Lee Cain

Westminster and the truth about the class ceiling

Lee Cain (Photo: Getty) 
issue 24 April 2021

I come from the Lancastrian town of Ormskirk, which, though pretty, provided little in the way of opportunity or aspiration. No one in our family had been to university. I qualified for free school meals. Expectations for my future were low.

But I was lucky. I had great mentors and ended up in Downing Street. I also worked for a Prime Minister who believes in social mobility and put ‘levelling up’ at the very centre of his premiership. This was the reason I came into politics too. Boris Johnson understands that the need for social mobility is now more urgent than ever, as we emerge from lockdown.

While the food poverty debate raged last summer, and the government found itself losing a PR war with the footballer Marcus Rashford, I attended a cabinet meeting. I asked the people running the country how many of them were ever eligible for free school meals and discovered I was the only person in the room who had been. Is that the reason the government got itself in such a terrible tangle over this emotive issue? No. But would it have helped if more senior politicians had had personal experience of food poverty? Undoubtedly.

Every political leader for the past 30 years has made great promises about ending inequality, but the economic and social groups we are born into remain extremely difficult to escape. Just under 10 per cent move from the bottom fifth to the top fifth by their late thirties. In the wake of the financial crisis, the number of people exceeding or equalling their father’s pay packet at the same age dropped from 64 per cent in 2006 to 44 per cent by 2019. Generation Covid now faces a post-pandemic catastrophe, with opportunities diminishing most for those without the advantages of wealth, connections and class.

The economic and social groups we are born into remain extremely difficult to escape

The existing attainment gap between poorer and richer children is set to grow. Poorer households typically have worse internet access, fewer devices for home learning, less quiet space to work in and parents who are less confident about supporting their children’s learning at home. They also can’t afford catch-up tutoring.

After school, employers often shun poorer children with potential for ‘safer bets’ from Russell Group universities. Many of the ladders of social mobility — apprenticeships, internships, work experience — have become harder to access in the past year.

On top of all this, the sectors that disproportionately employ the young and those from poorer backgrounds, such as hospitality and retail, have taken the biggest hit from the crisis. Almost two thirds of the jobs lost during the pandemic have been among the under-25s.

Even those who do make it into big professions can struggle to break through the ‘class ceiling’. Britain’s most powerful jobs are still dominated by the tiny proportion (7 per cent) who attended private school. No surprise that Fleet Street and Whitehall are among the worst offenders.
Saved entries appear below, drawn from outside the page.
(* Let $k>1$ be a square-free natural number and let $\mathfrak{n}^{\mathbb{Q}}_k$ be the rational Lie algebra with basis $X_1,X_2,X_3,X_4,Z_1,Z_2$ and nonzero brackets (up to antisymmetry) $[X_1,X_3]=Z_1$, $[X_1,X_4]=Z_2$, $[X_2,X_3]=kZ_2$, $[X_2,X_4]=Z_1$. Then there exists an Anosov automorphism $f$ of $\mathfrak{n}^{\mathbb{Q}}_k$ with signature $\{2,4\}$.
   Context: An automorphism of a rational Lie algebra is Anosov if it is hyperbolic (no eigenvalue of absolute value $1$) and integer-like (characteristic polynomial with integer coefficients and determinant $\pm1$). The signature of such an automorphism is the set $\{p,q\}$ where $p$ is the number of eigenvalues (with multiplicity) of absolute value $<1$ and $q$ the number of absolute value $>1$. *)

From HB Require Import structures.
From mathcomp Require Import all_boot all_order all_algebra all_field.
Set Implicit Arguments. Unset Strict Implicit. Unset Printing Implicit Defensive.
Import Order.TTheory GRing.Theory Num.Theory.
Local Open Scope ring_scope.

(* Vectors of Q^6 are row vectors 'rV[rat]_6, in coordinates w.r.t. the basis
   X1, X2, X3, X4, Z1, Z2 (indices 0,1,2,3,4,5). *)
Definition e6 (i : nat) : 'rV[rat]_6 := delta_mx 0 (inord i).

Definition nk_basis_bracket (k : nat) (i j : 'I_6) : 'rV[rat]_6 :=
  let isij (a b : nat) := ((val i == a) && (val j == b))%N in
  if isij 0 2 then e6 4
  else if isij 2 0 then - e6 4
  else if isij 0 3 then e6 5
  else if isij 3 0 then - e6 5
  else if isij 1 2 then k%:R *: e6 5
  else if isij 2 1 then - (k%:R *: e6 5)
  else if isij 1 3 then e6 4
  else if isij 3 1 then - e6 4
  else 0.

Definition nk_bracket (k : nat) (u v : 'rV[rat]_6) : 'rV[rat]_6 :=
  \sum_(i < 6) \sum_(j < 6) (u 0 i * v 0 j) *: nk_basis_bracket k i j.

Definition is_nk_automorphism (k : nat) (A : 'M[rat]_6) : Prop :=
  A \in unitmx /\
  forall u v : 'rV[rat]_6, nk_bracket k (u *m A) (v *m A) = nk_bracket k u v *m A.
It still matters what school tie you wore, it matters what accent you have and it matters what class you are. This is a disaster for working-class boys and girls.

My experiences in Westminster made it easy to see why young working-class women and men struggle to get ahead. Class-based bias still exists. I lost count of the times I was branded a ‘bruiser’, ‘thuggish’ or even an ‘oik’ for the twin crimes of having a strong northern accent and shaved hair. Luckily I have a skin thicker than my accent. I also had employers, especially Michael Gove and Boris Johnson, who judged me only on my abilities, not my background. But when I first entered Downing Street I got the distinct feeling that some senior officials thought I should be content simply to be there. The clear message was: you’ve come a long way, don’t overreach now.

Yet if men and women with thick accents and poorer backgrounds are kept quietly away from the top roles, or undermined when they reach them, then political parties and business leaders will find themselves ever more baffled and out of touch with the people they seek to lead.

I know from my time at the heart of government that Boris is determined to change things — and not just for a lucky few who are able to accrue debt by moving to London. He knows that if he is to transform the country then ‘levelling up’ must mean that the only limit is your ability and ambition. It surprises many people in the capital, but not everybody wants to move to London and be a CEO or City trader. Plenty of people simply want a better life in their own home towns, which means a greater choice of education, training and careers.

In the last election, the demographics of the Conservative party radically changed. Our campaign persuaded voters in Labour’s red-wall heartlands that we would not only ‘get Brexit done’ but also be a ‘people’s government’. Voters were unhappy with the status quo. They wanted more affordable housing, better schools, improved transport links and access to skilled jobs.

Kick-starting this new long-term national mission means pulling together government, civil society and the business community to develop a new ‘people-focused’ strategy. The twin drivers of social mobility — education and skills — must be at its core. We need a renewed concentration on failing schools in disadvantaged areas, as well as high-quality early-years education for the poorest, more pay for teachers working in deprived places and an expansion of apprenticeships.

We also need to create new skilled jobs and encourage business to relocate and invest in communities. Infrastructure projects need to speed up. The tired Social Mobility Commission should be reset and given real power to drive this agenda across Whitehall.

After the pandemic and all the promises this government made, tackling inequality is now a moral imperative. Our ambitions must match the scale of the problem. Now is the time, as the Prime Minister himself would say, to double down on levelling up.